> [Requirement]: Only one stretch of the records below should be repeated. It starts with the line containing "entropy_is G c." and goes on through the line containing "by rewrite -[2%N]expn1 leq_exp2l.", exactly as written.

(Data records)
---+---

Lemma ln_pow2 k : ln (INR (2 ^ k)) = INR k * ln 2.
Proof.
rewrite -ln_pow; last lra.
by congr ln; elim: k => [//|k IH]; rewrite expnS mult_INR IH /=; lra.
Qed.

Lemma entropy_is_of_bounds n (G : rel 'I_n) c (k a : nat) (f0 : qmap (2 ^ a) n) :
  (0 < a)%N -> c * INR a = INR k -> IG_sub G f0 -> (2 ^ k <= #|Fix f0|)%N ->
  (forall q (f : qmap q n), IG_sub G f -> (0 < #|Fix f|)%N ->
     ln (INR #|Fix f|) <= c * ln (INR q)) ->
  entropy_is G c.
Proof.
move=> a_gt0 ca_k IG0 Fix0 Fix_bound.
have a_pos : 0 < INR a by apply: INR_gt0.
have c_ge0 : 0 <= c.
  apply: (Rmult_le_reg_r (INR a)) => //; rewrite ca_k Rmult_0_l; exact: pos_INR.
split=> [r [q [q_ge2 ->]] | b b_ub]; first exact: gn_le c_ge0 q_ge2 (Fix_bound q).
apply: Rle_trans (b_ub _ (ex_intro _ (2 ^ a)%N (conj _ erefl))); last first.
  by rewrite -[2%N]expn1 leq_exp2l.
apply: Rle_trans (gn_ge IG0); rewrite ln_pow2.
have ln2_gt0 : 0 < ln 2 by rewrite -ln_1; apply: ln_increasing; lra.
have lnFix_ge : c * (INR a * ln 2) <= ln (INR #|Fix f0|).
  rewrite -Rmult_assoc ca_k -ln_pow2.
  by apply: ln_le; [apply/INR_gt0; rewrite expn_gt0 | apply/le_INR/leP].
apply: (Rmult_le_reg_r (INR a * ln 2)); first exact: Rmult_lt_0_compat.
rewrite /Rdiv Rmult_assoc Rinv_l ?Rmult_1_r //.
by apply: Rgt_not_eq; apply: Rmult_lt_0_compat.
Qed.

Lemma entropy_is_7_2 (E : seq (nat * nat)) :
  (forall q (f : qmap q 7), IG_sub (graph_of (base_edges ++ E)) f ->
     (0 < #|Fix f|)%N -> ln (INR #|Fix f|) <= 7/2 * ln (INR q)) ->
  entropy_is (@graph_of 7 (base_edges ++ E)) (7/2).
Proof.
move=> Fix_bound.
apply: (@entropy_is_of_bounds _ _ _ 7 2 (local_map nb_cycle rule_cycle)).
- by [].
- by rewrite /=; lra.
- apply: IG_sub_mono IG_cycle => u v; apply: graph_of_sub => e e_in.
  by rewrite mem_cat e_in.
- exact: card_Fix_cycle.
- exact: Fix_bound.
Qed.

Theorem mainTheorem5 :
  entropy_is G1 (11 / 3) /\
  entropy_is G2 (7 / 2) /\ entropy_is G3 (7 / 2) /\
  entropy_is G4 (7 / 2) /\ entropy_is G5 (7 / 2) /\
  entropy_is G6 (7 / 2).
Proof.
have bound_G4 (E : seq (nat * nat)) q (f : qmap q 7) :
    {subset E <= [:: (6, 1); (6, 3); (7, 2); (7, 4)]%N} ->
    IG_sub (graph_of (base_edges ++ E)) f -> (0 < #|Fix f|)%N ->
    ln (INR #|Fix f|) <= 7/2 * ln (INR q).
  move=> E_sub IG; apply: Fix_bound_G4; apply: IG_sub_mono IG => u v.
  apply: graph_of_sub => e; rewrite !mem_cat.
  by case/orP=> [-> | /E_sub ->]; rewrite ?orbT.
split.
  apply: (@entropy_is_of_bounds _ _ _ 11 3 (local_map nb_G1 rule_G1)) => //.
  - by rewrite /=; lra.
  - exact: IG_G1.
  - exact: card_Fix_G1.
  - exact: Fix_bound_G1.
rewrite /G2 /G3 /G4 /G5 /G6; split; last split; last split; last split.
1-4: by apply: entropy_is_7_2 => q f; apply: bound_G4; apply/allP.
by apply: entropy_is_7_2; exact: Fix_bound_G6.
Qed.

---+---

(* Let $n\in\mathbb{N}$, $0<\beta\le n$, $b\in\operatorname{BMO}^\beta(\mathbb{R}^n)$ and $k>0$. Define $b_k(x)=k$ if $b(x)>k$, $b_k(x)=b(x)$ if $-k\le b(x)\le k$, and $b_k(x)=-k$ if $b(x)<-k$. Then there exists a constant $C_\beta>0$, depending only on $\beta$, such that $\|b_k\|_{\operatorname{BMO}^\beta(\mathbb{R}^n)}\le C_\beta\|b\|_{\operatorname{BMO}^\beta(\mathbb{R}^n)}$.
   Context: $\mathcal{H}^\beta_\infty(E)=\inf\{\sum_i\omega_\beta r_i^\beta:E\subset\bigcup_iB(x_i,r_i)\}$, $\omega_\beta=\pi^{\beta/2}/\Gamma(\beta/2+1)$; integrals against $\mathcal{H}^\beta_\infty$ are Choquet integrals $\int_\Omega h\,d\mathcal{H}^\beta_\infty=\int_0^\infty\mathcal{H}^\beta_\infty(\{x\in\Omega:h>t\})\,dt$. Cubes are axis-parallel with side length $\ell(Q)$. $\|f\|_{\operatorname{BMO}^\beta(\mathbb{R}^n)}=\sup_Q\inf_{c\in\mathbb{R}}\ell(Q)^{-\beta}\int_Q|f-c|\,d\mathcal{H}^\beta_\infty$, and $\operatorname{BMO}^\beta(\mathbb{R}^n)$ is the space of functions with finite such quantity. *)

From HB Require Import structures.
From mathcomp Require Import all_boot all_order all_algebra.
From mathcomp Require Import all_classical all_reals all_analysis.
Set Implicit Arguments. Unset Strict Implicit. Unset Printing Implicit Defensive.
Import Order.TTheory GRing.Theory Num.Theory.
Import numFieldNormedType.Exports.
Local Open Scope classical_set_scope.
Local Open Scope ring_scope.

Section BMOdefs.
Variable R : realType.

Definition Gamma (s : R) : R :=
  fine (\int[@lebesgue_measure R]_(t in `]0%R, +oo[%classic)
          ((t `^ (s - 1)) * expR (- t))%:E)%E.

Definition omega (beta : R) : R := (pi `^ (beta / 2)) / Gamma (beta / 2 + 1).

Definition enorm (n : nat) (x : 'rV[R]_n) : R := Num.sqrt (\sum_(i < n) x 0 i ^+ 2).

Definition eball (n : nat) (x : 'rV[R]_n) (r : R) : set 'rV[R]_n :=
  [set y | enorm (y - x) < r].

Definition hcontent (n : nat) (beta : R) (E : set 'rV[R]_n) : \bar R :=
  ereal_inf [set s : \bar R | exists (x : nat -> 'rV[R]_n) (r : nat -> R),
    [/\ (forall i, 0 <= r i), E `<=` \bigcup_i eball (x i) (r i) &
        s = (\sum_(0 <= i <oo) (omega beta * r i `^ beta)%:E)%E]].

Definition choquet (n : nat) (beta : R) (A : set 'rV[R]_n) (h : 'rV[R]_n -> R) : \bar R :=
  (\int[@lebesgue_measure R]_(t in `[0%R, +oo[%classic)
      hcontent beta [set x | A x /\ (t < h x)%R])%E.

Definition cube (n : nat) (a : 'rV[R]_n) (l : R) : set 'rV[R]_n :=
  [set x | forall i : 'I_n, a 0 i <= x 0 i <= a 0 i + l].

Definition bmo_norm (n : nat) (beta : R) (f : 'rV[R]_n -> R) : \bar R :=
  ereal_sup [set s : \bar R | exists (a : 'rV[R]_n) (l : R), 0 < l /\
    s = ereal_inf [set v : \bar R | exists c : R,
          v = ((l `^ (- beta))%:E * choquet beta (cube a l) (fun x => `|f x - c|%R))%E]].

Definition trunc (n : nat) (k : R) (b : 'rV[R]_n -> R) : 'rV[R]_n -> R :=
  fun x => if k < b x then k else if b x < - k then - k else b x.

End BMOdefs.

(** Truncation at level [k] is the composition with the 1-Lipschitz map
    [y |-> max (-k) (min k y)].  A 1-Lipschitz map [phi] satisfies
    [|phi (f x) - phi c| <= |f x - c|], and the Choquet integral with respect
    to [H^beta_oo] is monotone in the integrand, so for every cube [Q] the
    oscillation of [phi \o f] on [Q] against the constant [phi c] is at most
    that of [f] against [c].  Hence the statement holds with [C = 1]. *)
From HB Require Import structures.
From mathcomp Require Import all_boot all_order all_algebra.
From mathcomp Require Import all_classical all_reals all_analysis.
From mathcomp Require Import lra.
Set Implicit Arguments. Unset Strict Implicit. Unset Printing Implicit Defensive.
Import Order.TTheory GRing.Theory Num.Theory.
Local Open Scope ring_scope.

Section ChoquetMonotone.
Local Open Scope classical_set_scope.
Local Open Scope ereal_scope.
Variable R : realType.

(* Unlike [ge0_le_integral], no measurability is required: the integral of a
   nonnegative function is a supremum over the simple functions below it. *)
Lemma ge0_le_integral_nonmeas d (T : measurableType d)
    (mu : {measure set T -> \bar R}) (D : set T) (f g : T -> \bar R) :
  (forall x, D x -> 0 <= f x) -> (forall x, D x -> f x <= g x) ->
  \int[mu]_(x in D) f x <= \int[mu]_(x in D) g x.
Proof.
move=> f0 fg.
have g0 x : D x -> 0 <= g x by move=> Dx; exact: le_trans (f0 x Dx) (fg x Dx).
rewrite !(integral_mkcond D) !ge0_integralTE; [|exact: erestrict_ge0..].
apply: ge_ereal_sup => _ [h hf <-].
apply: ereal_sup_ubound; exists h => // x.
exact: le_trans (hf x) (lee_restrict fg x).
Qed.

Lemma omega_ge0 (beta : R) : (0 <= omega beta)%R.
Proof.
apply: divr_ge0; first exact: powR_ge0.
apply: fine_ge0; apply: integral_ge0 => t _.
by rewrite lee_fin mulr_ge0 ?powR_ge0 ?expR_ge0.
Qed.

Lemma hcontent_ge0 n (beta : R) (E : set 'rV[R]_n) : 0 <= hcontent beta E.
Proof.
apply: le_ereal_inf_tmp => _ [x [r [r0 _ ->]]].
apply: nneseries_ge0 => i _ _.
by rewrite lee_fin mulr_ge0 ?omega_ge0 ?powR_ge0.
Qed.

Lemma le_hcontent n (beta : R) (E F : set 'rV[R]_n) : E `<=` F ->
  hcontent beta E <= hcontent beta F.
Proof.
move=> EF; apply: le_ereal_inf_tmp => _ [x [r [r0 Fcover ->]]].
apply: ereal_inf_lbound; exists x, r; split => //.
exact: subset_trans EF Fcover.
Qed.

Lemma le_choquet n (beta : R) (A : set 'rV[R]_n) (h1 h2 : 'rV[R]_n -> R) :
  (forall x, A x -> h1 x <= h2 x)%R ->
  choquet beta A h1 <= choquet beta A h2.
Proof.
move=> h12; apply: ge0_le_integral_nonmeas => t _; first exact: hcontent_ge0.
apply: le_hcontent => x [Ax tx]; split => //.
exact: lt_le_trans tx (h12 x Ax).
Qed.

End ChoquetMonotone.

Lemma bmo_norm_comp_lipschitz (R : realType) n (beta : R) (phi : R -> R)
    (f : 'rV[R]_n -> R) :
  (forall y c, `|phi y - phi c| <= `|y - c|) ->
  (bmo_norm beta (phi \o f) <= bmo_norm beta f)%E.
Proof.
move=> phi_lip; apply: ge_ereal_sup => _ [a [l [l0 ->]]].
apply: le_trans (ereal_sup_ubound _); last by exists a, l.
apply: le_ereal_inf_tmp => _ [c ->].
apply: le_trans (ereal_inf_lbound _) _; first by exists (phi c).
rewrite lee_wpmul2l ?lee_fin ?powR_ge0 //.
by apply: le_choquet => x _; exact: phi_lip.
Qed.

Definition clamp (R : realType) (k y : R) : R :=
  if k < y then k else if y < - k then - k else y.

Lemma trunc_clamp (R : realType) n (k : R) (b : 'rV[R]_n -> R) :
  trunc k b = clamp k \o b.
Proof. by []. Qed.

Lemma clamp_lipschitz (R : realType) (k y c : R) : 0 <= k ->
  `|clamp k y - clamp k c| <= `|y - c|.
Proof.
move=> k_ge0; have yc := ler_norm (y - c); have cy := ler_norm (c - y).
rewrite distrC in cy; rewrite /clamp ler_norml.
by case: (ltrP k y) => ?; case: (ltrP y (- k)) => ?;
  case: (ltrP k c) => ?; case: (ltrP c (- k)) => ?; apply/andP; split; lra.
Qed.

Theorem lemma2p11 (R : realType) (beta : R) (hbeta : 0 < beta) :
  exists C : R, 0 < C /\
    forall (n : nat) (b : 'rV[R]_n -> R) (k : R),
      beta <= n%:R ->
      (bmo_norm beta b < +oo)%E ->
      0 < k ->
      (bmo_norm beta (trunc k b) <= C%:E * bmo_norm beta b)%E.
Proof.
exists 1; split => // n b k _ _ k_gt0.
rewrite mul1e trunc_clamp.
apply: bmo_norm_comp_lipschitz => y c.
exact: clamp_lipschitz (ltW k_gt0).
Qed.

---+---

> [Answer]:
  entropy_is G c.
Proof.
move=> a_gt0 ca_k IG0 Fix0 Fix_bound.
have a_pos : 0 < INR a by apply: INR_gt0.
have c_ge0 : 0 <= c.
  apply: (Rmult_le_reg_r (INR a)) => //; rewrite ca_k Rmult_0_l; exact: pos_INR.
split=> [r [q [q_ge2 ->]] | b b_ub]; first exact: gn_le c_ge0 q_ge2 (Fix_bound q).
apply: Rle_trans (b_ub _ (ex_intro _ (2 ^ a)%N (conj _ erefl))); last first.
  by rewrite -[2%N]expn1 leq_exp2l.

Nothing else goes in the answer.